I don't know if I've ever felt so ripped off by a software company. I purchased an upgrade to Movie Studio 14 Platinum in November. I'm still unable to install it. I've emailed tech support and I left a message on Facebook. Tech support quit responding after several emails. I've tried everything that was suggested to me by tech support and online forums. I'm not alone. There are others with the same problem. My PC was purchased new in September and is running Windows 10. I've used Movie Studio, Acid, and Sound Forge for many years. I expected a smooth transition after Magix took over the product line from Sony and looked forward to upgrading. To add insult to injury, I now receive upgrade popups every time I open one of my Sony Creative programs and even received several email from Magix asking me how I liked my experience with tech support. I've now realized that I'm going to have to find another video editing program after many years of using Movie Studio. Corel? Adobe?

Comments

Steve_Rhoden wrote on 3/17/2018, 4:29 PM

Well, Adobe is gonna increase its fees even more soon!

http://www.studiodaily.com/2018/03/adobe-creative-cloud-get-expensive/

Magix is not a rip off... I understand your frustration, but its simply a matter of you not being able

to install your Vegas version no matter what you do/try..... So what specifically is causing you this

installation problem? Is it failing at some point during the installation, What?

Former user wrote on 3/18/2018, 5:20 AM

Don't give up Murff, maybe the friendly expert vegas enthusiasts here could help you where other forums and vegas staff couldn't. You should be more detailed about what's going wrong with your installation.

vkmast wrote on 3/18/2018, 5:46 AM

The OP has reported getting error -2147163964. Lots of discussion on this error code here. You might read this FAQ, sections 4, 6, and 7, but you've probably tried them already.

murff wrote on 3/18/2018, 9:50 AM

Well, Adobe is gonna increase its fees even more soon!

http://www.studiodaily.com/2018/03/adobe-creative-cloud-get-expensive/

Magix is not a rip off... I understand your frustration, but its simply a matter of you not being able

to install your Vegas version no matter what you do/try..... So what specifically is causing you this

installation problem? Is it failing at some point during the installation, What?


An expensive working Adobe is better than a Movie Studio Platinum that I can't install. I've tried everything suggested by tech support and online forums. Nothing. I tried to respond to the last tech support email at the end of January and found that my case had been closed and was instructed to open a new case. I copied and pasted all correspondence into a new case request. No response. I posted on the Magix Facebook page including my case number. I was told that someone would contact me. No one contacted me. I don't know what else to do. Magix obviously knows there's a problem with Movie Studio Platinum 14 and Windows 10. Can you understand how I feel like I've been ripped off?
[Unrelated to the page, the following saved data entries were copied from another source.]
(* [avg_coords w H q z] is the mean of H over the q^q configurations obtained
   by overwriting every coordinate of z with some coordinate of w. *)
Fixpoint avg_coords (w : config) (H : config -> R) (k : nat) (z : config) : R :=
  if k is k'.+1 then q%:R^-1 * \sum_(i < q) avg_coords w H k' (set_coord z k' (w i))
  else H z.

Definition harmonic (H : config -> R) := forall z, H z = avg_coords z H q z.

Lemma mean_cst (a : R) : q%:R^-1 * \sum_(i < q) a = a.
Proof. by rewrite sumr_const card_ord -[a *+ q]mulr_natl mulrA mulVf ?mul1r ?pnatr_eq0. Qed.

Lemma mean_le (a : 'I_q -> R) (M : R) : (forall i, a i <= M) -> q%:R^-1 * \sum_i a i <= M.
Proof.
move=> aM; rewrite ler_pdivrMl ?ltr0n // mulr_natl.
by rewrite -[X in M *+ X]card_ord -sumr_const ler_sum.
Qed.

Lemma mean_eq_max (a : 'I_q -> R) (M : R) :
  (forall i, a i <= M) -> q%:R^-1 * \sum_i a i = M -> forall i, a i = M.
Proof.
move=> aM avgM.
have /psumr_eq0P gap0 : \sum_i (M - a i) = 0.
  rewrite sumrB sumr_const card_ord -mulr_natl -avgM mulrA mulfV ?pnatr_eq0 //.
  by rewrite mul1r subrr.
by move=> i; apply/eqP; rewrite eq_sym -subr_eq0 gap0 // => j _; rewrite subr_ge0.
Qed.

Lemma avg_coords_lin (w : config) (H1 H2 : config -> R) (a b : R) k z :
  avg_coords w (fun z => a * H1 z + b * H2 z) k z =
  a * avg_coords w H1 k z + b * avg_coords w H2 k z.
Proof.
elim: k z => [|k IH] z //=.
under eq_bigr do rewrite IH.
by rewrite big_split /= -!mulr_sumr mulrDr; congr (_ + _); exact: mulrCA.
Qed.

Lemma harmonic_lin (H1 H2 : config -> R) (a b : R) :
  harmonic H1 -> harmonic H2 -> harmonic (fun z => a * H1 z + b * H2 z).
Proof. by move=> h1 h2 z; rewrite avg_coords_lin -h1 -h2. Qed.

Lemma avg_coords_compat (r : T -> T -> Prop) (w : config) (H : config -> R) :
  (forall x, r x x) -> (forall z z', (forall j, r (z j) (z' j)) -> H z = H z') ->
  forall k z z', (forall j, r (z j) (z' j)) -> avg_coords w H k z = avg_coords w H k z'.
Proof.
move=> rr rH; elim=> [|k IH] z z' zz' /=; first exact: rH.
congr (_ * _); apply: eq_bigr => i _; apply: IH => j.
by rewrite /set_coord; case: ifP.
Qed.

Lemma avg_coords_max (A : set T) (v : config) (H : config -> R) (M : R) :
  range v `<=` A -> (forall z, range z `<=` A -> H z <= M) ->
  forall k z, range z `<=` A ->
    avg_coords v H k z <= M /\
    (avg_coords v H k z = M -> H (fun j => if (j < k)%N then v ord0 else z j) = M).
Proof.
move=> vA HM; elim=> [|k IH] z zA /=.
  by split; [exact: HM | move=> <-; congr H; apply/funext].
have setA i : range (set_coord z k (v i)) `<=` A.
  by move=> _ [j _ <-]; rewrite /set_coord; case: ifP => _; [apply: vA | apply: zA].
have avg_le i := (IH _ (setA i)).1.
split; first exact: mean_le.
move=> /(mean_eq_max _ _ avg_le)/(_ ord0)/((IH _ (setA ord0)).2) <-; congr H.
by apply/funext => j; rewrite /set_coord ltnS leq_eqVlt; case: ltngtP => // ->.
Qed.

Lemma harmonic_le0 (eta : config) (H : config -> R) :
  harmonic H -> (forall u, H (cst u) = 0) -> H eta <= 0.
Proof.
move=> harmH H0.
have [k _ kmax] := @arg_maxP _ R _ [ffun j => j] xpredT (fun k => H (eta \o k)) isT.
set v := eta \o _ in kmax.
have rangeE z : range z `<=` range eta -> exists k' : {ffun 'I_q -> 'I_q}, z = eta \o k'.
  move=> zeta; have /choice[k' k'E] : forall j, exists i, eta i = z j.
    by move=> j; have [i _ <-] := zeta (z j) (imageT _ _); exists i.
  by exists [ffun j => k' j]; apply/funext => j; rewrite /= ffunE.
have Hv z : range z `<=` range eta -> H z <= H v.
  by move=> /rangeE[k' ->]; exact: kmax.
have range_v : range v `<=` range eta by move=> _ [j _ <-]; exact: imageT.
have [_ /(_ (esym (harmH v)))] := avg_coords_max _ _ _ _ range_v Hv q _ range_v.
rewrite (_ : (fun j => _) = cst (v ord0)); last by apply/funext => j; rewrite ltn_ord.
by rewrite H0 => v0; rewrite v0 Hv.
Qed.

Lemma harmonic_eq0 (eta : config) (H : config -> R) :
  harmonic H -> (forall u, H (cst u) = 0) -> H eta = 0.
Proof.
move=> harmH H0; apply/le_anti; rewrite harmonic_le0 //=.
have := @harmonic_le0 eta _ (harmonic_lin _ _ (-1) 0 harmH harmH).
by rewrite mulN1r mul0r addr0 oppr_le0; apply => u; rewrite H0 !mulr0 addr0.
Qed.

End CoordinateAverages.

Section SpecificationKernel.
Context {R : realType} {V : countType} {S : finType} {s0 : S} {n : nat}.
Local Notation q := n.+1.
Local Notation Om := (Omega V s0).
Context {gamma : set V -> ('I_q -> Om) -> probability Om R}.
Hypothesis gamma_spec : is_qspec gamma.
Variable l : seq V.
Local Notation L := [set` l].
Local Notation mu eta := (gamma L eta).
Local Notation restriction := {ffun seq_sub l -> S}.
Local Notation class xi := [set sigma | agree_off L sigma xi].

Let L_finite : finite_subset L := finite_seq l.

Definition glue (t : restriction) (xi : Om) : Om :=
  fun x => if (insub x : option (seq_sub l)) is Some y then t y else xi x.

Lemma glue_agree_off (t : restriction) (xi : Om) : agree_off L (glue t xi) xi.
Proof. by move=> x /negP Lx; rewrite /glue insubN. Qed.

Lemma glue_on_L (t : restriction) (xi xi' : Om) x : L x -> glue t xi x = glue t xi' x.
Proof. by move=> Lx; rewrite /glue insubT. Qed.

Lemma glue_restrict (sigma xi : Om) :
  agree_off L sigma xi -> sigma = glue [ffun y => sigma (val y)] xi.
Proof.
move=> sigma_xi; apply/funext => x; rewrite /glue; case: insubP => [y _ <-|/negP Lx].
  by rewrite ffunE.
exact: sigma_xi.
Qed.

Lemma glue_inj (xi : Om) : injective (glue ^~ xi).
Proof.
move=> t t' tt'; apply/ffunP => y.
by have := congr1 (fun sigma => sigma (val y)) tt'; rewrite /glue valK.
Qed.

Lemma class_eq (xi xi' : Om) : agree_off L xi xi' -> class xi = class xi'.
Proof.
move=> xi_xi'; apply/seteqP; split => sigma /= sigma_xi x Lx; rewrite sigma_xi //.
  exact: xi_xi'.
by rewrite xi_xi'.
Qed.

Lemma indic_class_sym (xi sigma : Om) : \1_(class xi) sigma = \1_(class sigma) xi :> R.
Proof.
rewrite !indicE; have [agree|nagree] := pselect (agree_off L sigma xi).
  by rewrite !mem_set //; exact: agree_off_sym.
by rewrite !memNset // => /agree_off_sym.
Qed.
Six months and I'm still unable to install my upgrade.

 

murff wrote on 3/18/2018, 9:50 AM

The OP has reported getting error -2147163964. Lots of discussion on this error code here. You might read this FAQ, sections 4, 6, and 7, but you've probably tried them already.


I've tried everything.

Wolfgang S. wrote on 3/18/2018, 9:56 AM

But you did not tell us anything here that would allow us to think about it really- what are the technical specs of your machine, what components are used?

Desktop: PC AMD 3960X, 24x3,8 Mhz * RTX 3080 Ti (12 GB)* Blackmagic Extreme 4K 12G * QNAP Max8 10 Gb Lan * Resolve Studio 18 * Edius X* Blackmagic Pocket 6K/6K Pro, EVA1, FS7

Laptop: ProArt Studiobook 16 OLED * internal HDR preview * i9 12900H with i-GPU Iris XE * 32 GB Ram) * Geforce RTX 3070 TI 8GB * internal HDR preview on the laptop monitor * Blackmagic Ultrastudio 4K mini

HDR monitor: ProArt Monitor PA32 UCG-K 1600 nits, Atomos Sumo

Others: Edius NX (Canopus NX)-card in an old XP-System. Edius 4.6 and other systems

murff wrote on 3/18/2018, 10:24 AM

But you did not tell us anything here that would allow us to think about it really- what are the technical specs of your machine, what components are used?


VEGASDerek wrote on 3/18/2018, 1:04 PM

A couple of situations the I personally know of that can cause an error like this...

The most common is if the user manually deletes files a VEGAS or Movie Studio install without using the proper uninstall method, and then tries to reinstall the product. I personally do not have the information on how to correct that issue, but usually you have to manually unregister some of the components and delete some entries in the registry.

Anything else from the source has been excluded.